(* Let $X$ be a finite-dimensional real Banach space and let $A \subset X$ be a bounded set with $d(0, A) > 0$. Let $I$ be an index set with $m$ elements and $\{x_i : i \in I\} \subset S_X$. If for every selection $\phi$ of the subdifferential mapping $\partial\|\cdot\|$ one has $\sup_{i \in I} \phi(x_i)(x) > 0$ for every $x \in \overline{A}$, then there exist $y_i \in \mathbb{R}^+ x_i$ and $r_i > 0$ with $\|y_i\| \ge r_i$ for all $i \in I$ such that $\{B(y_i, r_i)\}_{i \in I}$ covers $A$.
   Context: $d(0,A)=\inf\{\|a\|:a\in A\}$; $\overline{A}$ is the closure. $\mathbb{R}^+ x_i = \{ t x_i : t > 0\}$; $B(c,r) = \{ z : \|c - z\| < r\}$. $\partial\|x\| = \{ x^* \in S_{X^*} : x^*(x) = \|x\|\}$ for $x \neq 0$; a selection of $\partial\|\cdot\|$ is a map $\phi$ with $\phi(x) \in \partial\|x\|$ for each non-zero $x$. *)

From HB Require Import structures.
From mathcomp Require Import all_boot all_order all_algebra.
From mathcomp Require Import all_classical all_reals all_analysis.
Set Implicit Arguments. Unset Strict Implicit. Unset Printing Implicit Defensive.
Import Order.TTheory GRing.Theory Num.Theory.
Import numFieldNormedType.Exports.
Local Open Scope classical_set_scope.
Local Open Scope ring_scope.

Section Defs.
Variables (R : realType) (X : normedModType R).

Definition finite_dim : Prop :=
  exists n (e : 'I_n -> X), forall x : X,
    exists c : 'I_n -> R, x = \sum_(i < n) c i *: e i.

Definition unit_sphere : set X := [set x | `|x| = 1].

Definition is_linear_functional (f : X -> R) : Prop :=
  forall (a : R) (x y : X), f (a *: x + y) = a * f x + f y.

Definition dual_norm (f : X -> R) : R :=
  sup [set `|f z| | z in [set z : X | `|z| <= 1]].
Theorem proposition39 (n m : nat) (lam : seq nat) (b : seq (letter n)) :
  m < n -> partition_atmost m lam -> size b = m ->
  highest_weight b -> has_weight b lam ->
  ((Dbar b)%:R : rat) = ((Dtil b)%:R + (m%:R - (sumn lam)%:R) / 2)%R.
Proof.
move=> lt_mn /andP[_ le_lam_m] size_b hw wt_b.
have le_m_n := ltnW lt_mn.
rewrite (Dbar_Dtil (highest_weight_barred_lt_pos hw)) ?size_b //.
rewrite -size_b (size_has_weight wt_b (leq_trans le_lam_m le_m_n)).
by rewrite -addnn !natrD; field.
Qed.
_ _ _ _ _ _ _
▸ YOUR ASSIGNMENT: Every line from the one containing "Theorem proposition39 (n" through the end of the material above should be retyped exactly; please include nothing else.

▸ PROBLEM SOLUTION:
Theorem proposition39 (n m : nat) (lam : seq nat) (b : seq (letter n)) :
  m < n -> partition_atmost m lam -> size b = m ->
  highest_weight b -> has_weight b lam ->
  ((Dbar b)%:R : rat) = ((Dtil b)%:R + (m%:R - (sumn lam)%:R) / 2)%R.
Proof.
move=> lt_mn /andP[_ le_lam_m] size_b hw wt_b.
have le_m_n := ltnW lt_mn.
rewrite (Dbar_Dtil (highest_weight_barred_lt_pos hw)) ?size_b //.
rewrite -size_b (size_has_weight wt_b (leq_trans le_lam_m le_m_n)).
by rewrite -addnn !natrD; field.
Qed.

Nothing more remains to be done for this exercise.